YOUR ASSIGNMENT:
In the records below, find the line with "change (INR 2) with 2 in Hfact." and the line with "[lra|]. apply Rlt_le, Rdiv_lt_0_compat; lra."; return exactly those lines and every line between them.

--- DATASET CONTENT Enclosed Below ---

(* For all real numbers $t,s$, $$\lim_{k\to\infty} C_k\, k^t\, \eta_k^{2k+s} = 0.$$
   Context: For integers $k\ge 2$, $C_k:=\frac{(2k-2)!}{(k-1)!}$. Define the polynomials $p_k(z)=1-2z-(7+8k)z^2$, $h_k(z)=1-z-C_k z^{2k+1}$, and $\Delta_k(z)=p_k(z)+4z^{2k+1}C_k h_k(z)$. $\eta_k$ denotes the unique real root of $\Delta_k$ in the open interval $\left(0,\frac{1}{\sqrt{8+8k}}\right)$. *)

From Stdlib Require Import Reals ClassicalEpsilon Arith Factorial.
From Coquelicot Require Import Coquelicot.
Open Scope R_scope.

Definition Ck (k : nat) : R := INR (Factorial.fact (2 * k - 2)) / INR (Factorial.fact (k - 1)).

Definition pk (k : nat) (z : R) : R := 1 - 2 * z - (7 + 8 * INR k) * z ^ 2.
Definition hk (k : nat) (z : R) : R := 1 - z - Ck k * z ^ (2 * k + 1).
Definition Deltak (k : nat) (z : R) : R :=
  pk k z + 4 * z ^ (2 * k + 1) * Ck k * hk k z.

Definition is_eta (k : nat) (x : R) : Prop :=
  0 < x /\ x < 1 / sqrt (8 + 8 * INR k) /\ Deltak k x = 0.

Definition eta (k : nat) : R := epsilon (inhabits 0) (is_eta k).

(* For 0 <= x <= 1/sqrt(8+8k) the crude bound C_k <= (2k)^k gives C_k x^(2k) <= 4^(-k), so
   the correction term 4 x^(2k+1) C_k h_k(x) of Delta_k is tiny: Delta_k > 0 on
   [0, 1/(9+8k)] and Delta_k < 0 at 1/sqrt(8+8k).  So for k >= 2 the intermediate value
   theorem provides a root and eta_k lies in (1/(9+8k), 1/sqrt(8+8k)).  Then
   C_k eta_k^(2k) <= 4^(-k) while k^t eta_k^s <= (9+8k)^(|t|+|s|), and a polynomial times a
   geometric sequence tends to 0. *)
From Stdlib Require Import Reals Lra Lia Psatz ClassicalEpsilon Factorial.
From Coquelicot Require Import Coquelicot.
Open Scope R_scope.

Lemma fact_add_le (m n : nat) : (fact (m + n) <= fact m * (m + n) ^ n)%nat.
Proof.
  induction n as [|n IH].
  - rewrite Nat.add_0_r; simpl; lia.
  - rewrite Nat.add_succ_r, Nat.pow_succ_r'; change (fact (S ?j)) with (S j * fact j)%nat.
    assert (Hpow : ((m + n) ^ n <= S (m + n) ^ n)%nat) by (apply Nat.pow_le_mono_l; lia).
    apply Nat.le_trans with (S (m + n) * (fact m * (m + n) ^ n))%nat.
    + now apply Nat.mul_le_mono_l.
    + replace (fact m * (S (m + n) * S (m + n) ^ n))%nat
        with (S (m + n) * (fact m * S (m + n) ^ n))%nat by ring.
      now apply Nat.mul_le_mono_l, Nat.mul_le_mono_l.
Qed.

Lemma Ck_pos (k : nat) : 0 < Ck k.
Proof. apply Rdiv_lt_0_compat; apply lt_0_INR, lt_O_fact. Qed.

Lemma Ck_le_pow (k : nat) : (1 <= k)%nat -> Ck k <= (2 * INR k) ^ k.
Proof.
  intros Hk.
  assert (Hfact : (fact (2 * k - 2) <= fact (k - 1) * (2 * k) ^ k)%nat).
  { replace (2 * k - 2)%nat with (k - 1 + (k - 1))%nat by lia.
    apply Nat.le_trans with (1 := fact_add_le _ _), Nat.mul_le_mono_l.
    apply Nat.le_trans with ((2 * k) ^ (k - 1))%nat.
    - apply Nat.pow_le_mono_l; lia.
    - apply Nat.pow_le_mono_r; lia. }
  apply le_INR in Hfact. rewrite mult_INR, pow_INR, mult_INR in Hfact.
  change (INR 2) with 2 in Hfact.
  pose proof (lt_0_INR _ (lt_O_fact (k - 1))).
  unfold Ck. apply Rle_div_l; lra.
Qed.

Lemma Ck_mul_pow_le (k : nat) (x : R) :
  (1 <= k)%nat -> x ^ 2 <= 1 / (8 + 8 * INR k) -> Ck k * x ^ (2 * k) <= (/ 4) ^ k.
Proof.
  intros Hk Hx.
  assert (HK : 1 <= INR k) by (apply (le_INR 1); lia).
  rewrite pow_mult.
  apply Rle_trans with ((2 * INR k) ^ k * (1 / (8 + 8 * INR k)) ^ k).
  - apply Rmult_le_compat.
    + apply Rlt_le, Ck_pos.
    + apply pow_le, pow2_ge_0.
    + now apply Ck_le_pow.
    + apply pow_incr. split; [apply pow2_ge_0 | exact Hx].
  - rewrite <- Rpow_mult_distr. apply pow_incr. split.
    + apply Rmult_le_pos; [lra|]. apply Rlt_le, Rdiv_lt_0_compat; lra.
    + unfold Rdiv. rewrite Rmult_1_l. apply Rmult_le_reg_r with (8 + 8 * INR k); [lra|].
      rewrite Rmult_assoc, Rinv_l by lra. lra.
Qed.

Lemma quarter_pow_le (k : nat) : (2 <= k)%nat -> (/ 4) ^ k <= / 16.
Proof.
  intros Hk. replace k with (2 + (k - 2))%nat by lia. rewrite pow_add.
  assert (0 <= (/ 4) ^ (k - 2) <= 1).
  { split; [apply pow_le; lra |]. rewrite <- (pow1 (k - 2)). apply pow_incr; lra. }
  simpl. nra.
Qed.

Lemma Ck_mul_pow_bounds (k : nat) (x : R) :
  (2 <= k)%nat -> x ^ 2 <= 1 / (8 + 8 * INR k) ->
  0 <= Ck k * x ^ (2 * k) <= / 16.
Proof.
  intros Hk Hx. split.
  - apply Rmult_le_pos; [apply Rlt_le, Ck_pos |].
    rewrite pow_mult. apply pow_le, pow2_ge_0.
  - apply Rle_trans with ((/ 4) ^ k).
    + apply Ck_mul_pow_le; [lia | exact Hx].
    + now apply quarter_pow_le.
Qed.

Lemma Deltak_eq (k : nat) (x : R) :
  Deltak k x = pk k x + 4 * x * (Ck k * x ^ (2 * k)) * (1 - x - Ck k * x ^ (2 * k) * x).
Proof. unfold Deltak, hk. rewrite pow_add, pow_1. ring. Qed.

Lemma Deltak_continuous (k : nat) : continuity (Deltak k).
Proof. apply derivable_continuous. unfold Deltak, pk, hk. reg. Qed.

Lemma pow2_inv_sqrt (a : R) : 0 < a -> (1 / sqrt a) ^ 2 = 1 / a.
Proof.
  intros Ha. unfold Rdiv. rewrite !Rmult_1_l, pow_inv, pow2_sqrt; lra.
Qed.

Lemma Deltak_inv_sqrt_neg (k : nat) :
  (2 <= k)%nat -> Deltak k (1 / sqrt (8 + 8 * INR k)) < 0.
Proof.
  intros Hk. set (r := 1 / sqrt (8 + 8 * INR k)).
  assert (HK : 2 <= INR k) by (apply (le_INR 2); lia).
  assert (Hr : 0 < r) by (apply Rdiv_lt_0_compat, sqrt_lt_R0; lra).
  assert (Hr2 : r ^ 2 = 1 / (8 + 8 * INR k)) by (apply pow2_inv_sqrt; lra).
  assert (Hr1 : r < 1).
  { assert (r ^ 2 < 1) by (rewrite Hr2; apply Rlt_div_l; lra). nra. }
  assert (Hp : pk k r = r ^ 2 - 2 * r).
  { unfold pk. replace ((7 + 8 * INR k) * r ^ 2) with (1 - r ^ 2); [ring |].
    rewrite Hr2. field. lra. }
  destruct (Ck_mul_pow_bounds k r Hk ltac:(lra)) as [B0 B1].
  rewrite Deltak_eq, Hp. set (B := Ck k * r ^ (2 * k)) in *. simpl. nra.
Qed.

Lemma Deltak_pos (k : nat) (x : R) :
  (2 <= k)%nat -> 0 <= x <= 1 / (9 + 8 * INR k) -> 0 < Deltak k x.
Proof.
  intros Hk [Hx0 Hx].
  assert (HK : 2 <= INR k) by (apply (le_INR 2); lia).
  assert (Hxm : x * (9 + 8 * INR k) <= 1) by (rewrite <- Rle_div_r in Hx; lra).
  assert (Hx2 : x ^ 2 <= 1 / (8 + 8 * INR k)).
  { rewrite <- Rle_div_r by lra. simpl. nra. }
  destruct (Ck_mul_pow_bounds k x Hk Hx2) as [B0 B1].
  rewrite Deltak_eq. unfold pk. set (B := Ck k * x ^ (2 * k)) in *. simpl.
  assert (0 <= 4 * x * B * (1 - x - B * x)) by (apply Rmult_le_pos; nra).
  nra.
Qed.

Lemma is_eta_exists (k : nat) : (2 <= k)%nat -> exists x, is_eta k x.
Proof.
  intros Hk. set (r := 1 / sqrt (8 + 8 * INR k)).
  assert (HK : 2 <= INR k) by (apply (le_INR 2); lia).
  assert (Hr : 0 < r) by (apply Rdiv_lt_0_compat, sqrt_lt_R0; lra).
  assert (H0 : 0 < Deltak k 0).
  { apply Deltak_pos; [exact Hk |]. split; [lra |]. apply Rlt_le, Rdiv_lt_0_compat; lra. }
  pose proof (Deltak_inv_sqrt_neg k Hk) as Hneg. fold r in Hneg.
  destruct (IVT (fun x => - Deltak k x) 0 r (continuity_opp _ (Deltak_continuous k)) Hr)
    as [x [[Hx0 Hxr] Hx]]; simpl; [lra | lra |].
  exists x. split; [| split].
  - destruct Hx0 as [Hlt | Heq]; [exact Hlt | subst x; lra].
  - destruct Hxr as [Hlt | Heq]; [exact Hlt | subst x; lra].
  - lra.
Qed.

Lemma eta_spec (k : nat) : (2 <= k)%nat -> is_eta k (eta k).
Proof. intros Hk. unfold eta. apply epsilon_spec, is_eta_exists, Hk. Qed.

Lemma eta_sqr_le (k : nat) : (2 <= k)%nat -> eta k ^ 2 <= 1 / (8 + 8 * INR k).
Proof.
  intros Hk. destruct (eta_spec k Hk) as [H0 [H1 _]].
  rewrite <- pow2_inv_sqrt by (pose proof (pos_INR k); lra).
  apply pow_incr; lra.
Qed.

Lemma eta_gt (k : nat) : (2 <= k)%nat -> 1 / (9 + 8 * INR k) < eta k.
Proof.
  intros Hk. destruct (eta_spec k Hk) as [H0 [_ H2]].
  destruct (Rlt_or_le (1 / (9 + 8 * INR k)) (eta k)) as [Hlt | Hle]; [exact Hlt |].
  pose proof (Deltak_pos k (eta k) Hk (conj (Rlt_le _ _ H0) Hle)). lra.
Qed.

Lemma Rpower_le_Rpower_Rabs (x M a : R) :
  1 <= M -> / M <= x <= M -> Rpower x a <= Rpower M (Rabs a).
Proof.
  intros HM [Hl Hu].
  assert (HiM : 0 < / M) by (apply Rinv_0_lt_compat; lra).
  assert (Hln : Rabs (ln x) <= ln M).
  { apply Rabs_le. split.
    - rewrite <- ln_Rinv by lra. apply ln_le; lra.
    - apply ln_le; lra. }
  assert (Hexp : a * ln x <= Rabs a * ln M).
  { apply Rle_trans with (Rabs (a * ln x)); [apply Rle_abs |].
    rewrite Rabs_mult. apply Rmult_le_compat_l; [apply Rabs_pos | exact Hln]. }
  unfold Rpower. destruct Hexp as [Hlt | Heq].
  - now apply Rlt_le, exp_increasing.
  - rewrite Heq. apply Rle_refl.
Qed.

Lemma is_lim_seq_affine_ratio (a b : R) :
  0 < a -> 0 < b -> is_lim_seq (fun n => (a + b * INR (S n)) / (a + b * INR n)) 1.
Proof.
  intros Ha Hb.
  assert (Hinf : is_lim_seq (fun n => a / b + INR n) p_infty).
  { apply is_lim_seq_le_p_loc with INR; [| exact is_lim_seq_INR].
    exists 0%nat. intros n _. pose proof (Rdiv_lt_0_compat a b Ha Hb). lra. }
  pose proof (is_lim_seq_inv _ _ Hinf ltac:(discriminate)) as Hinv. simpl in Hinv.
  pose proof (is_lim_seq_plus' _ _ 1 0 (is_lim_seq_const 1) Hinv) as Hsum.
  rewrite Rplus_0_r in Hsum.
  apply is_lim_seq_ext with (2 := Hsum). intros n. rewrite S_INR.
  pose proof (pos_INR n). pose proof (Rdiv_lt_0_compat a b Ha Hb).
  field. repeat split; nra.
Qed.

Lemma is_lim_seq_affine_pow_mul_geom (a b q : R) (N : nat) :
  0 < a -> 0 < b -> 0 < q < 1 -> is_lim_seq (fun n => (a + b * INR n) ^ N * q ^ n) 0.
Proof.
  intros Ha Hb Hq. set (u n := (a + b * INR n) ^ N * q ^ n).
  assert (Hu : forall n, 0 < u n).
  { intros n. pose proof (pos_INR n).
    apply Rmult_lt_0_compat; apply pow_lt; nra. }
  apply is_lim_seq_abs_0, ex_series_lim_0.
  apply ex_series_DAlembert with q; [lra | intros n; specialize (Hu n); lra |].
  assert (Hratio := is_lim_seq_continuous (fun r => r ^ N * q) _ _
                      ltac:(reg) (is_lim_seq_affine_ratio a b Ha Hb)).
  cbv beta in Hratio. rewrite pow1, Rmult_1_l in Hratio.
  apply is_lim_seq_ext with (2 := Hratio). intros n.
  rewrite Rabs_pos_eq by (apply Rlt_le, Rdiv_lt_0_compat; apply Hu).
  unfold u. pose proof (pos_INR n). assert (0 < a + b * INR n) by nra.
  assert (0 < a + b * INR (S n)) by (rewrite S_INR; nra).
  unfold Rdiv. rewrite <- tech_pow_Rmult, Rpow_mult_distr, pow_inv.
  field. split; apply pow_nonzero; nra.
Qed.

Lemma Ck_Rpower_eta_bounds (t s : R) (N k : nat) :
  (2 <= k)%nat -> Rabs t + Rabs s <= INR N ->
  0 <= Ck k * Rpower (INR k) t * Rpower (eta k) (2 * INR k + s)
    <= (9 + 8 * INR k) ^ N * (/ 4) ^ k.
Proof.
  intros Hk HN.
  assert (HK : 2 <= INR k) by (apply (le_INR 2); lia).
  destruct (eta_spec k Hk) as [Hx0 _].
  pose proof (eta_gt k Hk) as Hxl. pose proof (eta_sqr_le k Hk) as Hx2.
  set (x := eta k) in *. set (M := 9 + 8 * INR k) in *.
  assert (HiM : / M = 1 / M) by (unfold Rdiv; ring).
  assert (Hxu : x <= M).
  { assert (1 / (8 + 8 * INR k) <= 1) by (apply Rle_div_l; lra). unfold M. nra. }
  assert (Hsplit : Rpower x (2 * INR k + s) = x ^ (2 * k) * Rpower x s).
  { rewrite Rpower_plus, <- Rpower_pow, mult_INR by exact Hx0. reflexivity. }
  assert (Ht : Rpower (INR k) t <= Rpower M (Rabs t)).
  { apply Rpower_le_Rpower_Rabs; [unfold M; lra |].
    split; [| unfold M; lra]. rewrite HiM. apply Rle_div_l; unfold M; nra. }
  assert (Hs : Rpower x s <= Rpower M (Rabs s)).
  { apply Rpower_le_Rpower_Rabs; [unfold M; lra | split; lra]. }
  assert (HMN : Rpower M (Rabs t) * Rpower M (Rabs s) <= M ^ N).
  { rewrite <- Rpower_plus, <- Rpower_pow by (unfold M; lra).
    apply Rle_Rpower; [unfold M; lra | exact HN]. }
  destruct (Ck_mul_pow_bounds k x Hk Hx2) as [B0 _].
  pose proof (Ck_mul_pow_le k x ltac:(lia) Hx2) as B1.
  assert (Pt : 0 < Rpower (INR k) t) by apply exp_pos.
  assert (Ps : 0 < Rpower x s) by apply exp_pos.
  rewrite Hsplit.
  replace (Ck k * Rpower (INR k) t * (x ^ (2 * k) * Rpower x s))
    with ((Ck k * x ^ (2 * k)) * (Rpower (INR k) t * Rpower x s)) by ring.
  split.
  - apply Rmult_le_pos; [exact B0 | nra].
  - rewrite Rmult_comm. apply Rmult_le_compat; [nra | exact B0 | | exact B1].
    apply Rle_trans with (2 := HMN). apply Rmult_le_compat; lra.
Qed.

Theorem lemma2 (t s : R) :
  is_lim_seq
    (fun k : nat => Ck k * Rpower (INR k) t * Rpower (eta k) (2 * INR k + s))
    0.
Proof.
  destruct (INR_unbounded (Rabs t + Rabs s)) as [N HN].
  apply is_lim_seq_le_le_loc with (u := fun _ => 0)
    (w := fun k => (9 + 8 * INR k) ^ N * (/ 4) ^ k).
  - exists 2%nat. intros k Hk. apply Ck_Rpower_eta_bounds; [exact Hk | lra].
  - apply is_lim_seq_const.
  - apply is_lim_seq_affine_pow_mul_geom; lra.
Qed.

--- End of Enclosed DATASET CONTENT ---

SOLUTION TO THIS PROBLEM:
  change (INR 2) with 2 in Hfact.
  pose proof (lt_0_INR _ (lt_O_fact (k - 1))).
  unfold Ck. apply Rle_div_l; lra.
Qed.

Lemma Ck_mul_pow_le (k : nat) (x : R) :
  (1 <= k)%nat -> x ^ 2 <= 1 / (8 + 8 * INR k) -> Ck k * x ^ (2 * k) <= (/ 4) ^ k.
Proof.
  intros Hk Hx.
  assert (HK : 1 <= INR k) by (apply (le_INR 1); lia).
  rewrite pow_mult.
  apply Rle_trans with ((2 * INR k) ^ k * (1 / (8 + 8 * INR k)) ^ k).
  - apply Rmult_le_compat.
    + apply Rlt_le, Ck_pos.
    + apply pow_le, pow2_ge_0.
    + now apply Ck_le_pow.
    + apply pow_incr. split; [apply pow2_ge_0 | exact Hx].
  - rewrite <- Rpow_mult_distr. apply pow_incr. split.
    + apply Rmult_le_pos; [lra|]. apply Rlt_le, Rdiv_lt_0_compat; lra.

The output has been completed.